═════ SOURCE DATA ═════

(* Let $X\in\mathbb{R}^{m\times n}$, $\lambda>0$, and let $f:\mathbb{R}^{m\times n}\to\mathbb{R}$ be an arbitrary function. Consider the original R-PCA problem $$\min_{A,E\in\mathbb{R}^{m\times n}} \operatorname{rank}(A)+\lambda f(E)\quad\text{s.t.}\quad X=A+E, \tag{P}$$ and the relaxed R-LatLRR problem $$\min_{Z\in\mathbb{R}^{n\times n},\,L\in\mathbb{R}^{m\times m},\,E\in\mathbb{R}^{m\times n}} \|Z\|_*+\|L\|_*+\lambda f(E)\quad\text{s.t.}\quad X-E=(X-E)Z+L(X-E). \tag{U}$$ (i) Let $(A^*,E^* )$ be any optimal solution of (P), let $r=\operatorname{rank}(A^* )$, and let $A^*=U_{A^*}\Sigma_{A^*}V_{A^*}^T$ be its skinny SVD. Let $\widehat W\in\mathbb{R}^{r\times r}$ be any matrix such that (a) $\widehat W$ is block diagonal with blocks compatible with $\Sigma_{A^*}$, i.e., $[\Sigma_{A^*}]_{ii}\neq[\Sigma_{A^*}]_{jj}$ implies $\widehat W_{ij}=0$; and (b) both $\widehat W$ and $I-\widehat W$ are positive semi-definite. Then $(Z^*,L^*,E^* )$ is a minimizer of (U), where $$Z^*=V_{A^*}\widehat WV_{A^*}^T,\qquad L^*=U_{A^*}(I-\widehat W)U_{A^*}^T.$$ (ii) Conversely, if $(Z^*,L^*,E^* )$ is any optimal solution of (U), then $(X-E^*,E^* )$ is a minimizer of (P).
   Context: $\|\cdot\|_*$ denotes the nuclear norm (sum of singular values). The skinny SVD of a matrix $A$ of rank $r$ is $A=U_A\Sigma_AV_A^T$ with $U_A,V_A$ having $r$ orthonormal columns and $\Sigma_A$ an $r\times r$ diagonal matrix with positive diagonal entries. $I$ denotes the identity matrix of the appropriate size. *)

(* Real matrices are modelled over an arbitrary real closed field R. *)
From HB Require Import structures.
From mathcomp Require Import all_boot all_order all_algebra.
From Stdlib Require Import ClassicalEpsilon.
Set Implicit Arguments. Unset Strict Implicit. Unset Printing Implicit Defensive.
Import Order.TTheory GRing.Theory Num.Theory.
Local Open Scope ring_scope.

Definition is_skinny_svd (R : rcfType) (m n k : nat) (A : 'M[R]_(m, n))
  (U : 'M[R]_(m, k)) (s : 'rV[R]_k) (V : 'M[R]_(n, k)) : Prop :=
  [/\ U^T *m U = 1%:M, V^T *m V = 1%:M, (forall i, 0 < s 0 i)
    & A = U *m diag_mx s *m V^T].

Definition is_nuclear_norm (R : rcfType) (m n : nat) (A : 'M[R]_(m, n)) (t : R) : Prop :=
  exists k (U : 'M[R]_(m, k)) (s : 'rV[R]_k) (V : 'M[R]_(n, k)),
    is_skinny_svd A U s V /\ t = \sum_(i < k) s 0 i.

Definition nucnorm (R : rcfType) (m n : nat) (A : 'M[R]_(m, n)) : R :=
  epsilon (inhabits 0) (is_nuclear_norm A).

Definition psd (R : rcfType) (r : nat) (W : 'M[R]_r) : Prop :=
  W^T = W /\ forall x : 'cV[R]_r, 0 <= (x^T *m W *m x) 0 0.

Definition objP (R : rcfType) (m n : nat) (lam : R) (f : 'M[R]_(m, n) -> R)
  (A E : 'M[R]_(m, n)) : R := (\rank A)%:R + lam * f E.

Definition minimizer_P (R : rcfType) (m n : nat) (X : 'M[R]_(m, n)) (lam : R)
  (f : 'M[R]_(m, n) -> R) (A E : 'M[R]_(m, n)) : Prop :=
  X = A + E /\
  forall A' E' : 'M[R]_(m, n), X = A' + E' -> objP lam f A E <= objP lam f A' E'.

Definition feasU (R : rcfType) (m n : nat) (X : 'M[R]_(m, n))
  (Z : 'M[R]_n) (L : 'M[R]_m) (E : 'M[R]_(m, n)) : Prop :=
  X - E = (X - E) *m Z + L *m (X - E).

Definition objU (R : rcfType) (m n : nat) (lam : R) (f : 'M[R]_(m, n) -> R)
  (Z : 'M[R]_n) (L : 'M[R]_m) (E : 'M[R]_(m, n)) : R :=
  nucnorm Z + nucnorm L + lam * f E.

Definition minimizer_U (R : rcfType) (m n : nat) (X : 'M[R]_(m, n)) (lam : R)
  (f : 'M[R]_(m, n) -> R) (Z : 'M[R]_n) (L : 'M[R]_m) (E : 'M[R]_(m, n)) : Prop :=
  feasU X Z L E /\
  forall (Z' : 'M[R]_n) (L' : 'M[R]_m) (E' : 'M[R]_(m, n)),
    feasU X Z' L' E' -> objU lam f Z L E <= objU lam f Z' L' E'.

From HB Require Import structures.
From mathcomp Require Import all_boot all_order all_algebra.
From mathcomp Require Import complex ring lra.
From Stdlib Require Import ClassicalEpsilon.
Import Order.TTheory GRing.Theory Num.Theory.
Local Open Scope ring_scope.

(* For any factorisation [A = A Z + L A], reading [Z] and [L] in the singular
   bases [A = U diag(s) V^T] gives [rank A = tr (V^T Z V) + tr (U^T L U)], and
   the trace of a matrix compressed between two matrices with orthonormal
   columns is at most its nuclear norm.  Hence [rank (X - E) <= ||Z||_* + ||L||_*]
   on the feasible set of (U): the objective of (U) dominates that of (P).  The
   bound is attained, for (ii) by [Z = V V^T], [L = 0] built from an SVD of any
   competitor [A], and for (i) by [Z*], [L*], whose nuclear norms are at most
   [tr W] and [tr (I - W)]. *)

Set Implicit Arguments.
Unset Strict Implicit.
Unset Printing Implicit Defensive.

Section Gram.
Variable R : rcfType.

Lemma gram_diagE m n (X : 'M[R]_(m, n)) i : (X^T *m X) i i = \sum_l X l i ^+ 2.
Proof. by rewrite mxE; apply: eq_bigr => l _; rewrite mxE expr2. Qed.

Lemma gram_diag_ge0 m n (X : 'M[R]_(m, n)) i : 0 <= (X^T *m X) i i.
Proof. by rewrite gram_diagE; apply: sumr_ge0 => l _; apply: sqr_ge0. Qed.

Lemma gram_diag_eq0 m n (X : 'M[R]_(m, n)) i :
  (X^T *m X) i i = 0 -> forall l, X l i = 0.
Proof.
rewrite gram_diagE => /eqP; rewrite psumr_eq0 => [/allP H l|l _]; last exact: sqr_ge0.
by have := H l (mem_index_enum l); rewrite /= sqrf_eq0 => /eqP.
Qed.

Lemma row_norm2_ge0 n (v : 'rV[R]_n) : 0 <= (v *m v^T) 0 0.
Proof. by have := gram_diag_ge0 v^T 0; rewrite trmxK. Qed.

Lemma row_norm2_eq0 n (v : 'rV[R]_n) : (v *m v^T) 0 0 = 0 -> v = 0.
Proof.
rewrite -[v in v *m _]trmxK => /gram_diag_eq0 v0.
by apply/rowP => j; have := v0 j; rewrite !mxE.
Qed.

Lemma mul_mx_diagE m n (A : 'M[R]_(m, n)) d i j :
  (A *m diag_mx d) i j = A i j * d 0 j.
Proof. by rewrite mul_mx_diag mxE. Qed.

═════

TASK DETAILS: If a line in the records holds the word "rewrite", count it, then give only the total.

YOUR SOLUTION: 8